Notice for AGM 2021

28 May 2021

NOTICE FOR

AN ANNUAL GENERAL MEETING OF SHAREHOLDERS and

AN EXTRAORDINARY GENERAL MEETING OF SHAREHOLDERS

 OF PT. TAISHO PHARMACEUTICAL INDONESIA TBK

(the “Company”)

 

In compliance with the provision of Article 21.4 of the Articles of Association of the Company and Article 17 of the Regulation of the Indonesia Financial Services Authority Number 15/POJK.04/2020 regrading Plan and Organization of General Meeting of Shareholders of Public Companies, the Company hereby call for an Annual General Meeting of Shareholders (“AGM”) and an Extraordinary General Meeting of Shareholders (“EGM”) which are to be convened:

 

Day/Date         :     Monday, 21 June 2021

Venue              :     Mercantile Athletic Club, 18th Floor,

                              World Trade Center Building,

                              Jalan Jend.
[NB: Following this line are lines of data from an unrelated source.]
(* x_i and y_i get the labels 2i and 2i+1 of Z/2nZ, which turns the Hasse
   diagram of Cr_n into the 2n-cycle (see cr_ltE). *)
Definition cr_index (v : CrX n) : Z := inord (v.2.*2 + v.1).
Definition cr_vertex (k : Z) : CrX n := (odd k, inord k./2).

Lemma cr_index_val v : cr_index v = v.2.*2 + v.1 :> nat.
Proof. by case: v => b [i lt_i]; rewrite inordK //=; case: b; lia. Qed.

Lemma cr_indexK : cancel cr_index cr_vertex.
Proof.
case=> b i; rewrite /cr_vertex cr_index_val /= addnC oddD odd_double half_bit_double.
by congr pair; [case: b | apply/val_inj/inordK].
Qed.

Lemma cr_vertexK : cancel cr_vertex cr_index.
Proof.
move=> k; apply/val_inj => /=; rewrite cr_index_val /= inordK ?ltn_half_double //.
by rewrite addnC odd_double_half.
Qed.

Lemma odd_cr_index v : odd (cr_index v) = v.1.
Proof. by rewrite cr_index_val oddD odd_double; case: v.1. Qed.

Local Open Scope ring_scope.

Lemma cr_ltE a b : cr_lt a b =
  [&& ~~ odd (cr_index a), odd (cr_index b) & cycle_adj (cr_index a) (cr_index b)].
Proof.
case: a b => [[] i] [[] j]; rewrite /cr_lt !odd_cr_index //=.
rewrite /cycle_adj -!val_eqE /= !cr_index_val /= addn0 (modn_small (_ : 1 < N)%N) //.
have lt_i : (i.*2 + 1 < N)%N by have := ltn_ord i; lia.
have mod_succ : ((j.*2 + 1 + 1) %% N = (j.+1 %% n).*2)%N.
  by rewrite -[RHS]muln2 muln_modl; congr modn; lia.
by rewrite (modn_small lt_i) mod_succ eqn_add2r !(inj_eq double_inj) eq_sym.
Qed.

Lemma cr_index_inj : injective cr_index. Proof. exact: can_inj cr_indexK. Qed.
Lemma cr_vertex_inj : injective cr_vertex. Proof. exact: can_inj cr_vertexK. Qed.

Lemma even_N : ~~ odd N.
Proof. by rewrite /= odd_double. Qed.

Definition cr_dihedral_fun (c : Z) s v := cr_vertex (dihedral c s (cr_index v)).

Lemma cr_dihedral_fun_inj c s : injective (cr_dihedral_fun c s).
Proof.
by move=> u v /cr_vertex_inj /dihedral_inj /cr_index_inj.
Qed.

Definition cr_dihedral c s : {perm CrX n} := perm (@cr_dihedral_fun_inj c s).

Lemma cr_dihedral_vertex c s k :
  cr_dihedral c s (cr_vertex k) = cr_vertex (dihedral c s k).
Proof. by rewrite permE /cr_dihedral_fun cr_vertexK. Qed.

Lemma cr_index_dihedral c s v :
  cr_index (cr_dihedral c s v) = dihedral c s (cr_index v).
Proof. by rewrite permE /cr_dihedral_fun cr_vertexK. Qed.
Sudirman Kav. 31,

                              Jakarta 12920

Time                :    AGM:    09:30 West Indonesia Time – finished

                              EGM:     immediately after the AGM finished

 

Agenda items

AGM               :   1.    Approval on the Annual Report of the Company and the ratification on the Financial Statements of the Company and the Report on Supervisory Duties of the Board of Commissioners of the Company for the accounting year ended on 31 December 2020.

                                    Explanation:

                                      In this agenda, approval will be requested for the 2020 Annual   Report of the Company which has been prepared by the Board of Directors of the Company and ratification of the 2020 Company's Financial Statements audited by the Public Accounting Firm “Tanudiredja, Wibisana, Rintis & Rekan” as evident in their audit report dated 26 March 2021.

                             2.    Determination of appropriation of profits of the Company.

                                    Explanation:

                                     In this agenda the use of the Company's profits based on the 2020 Financial Statement of the Company will be proposed, if approved in the first agenda item of the AGM, to obtain approval.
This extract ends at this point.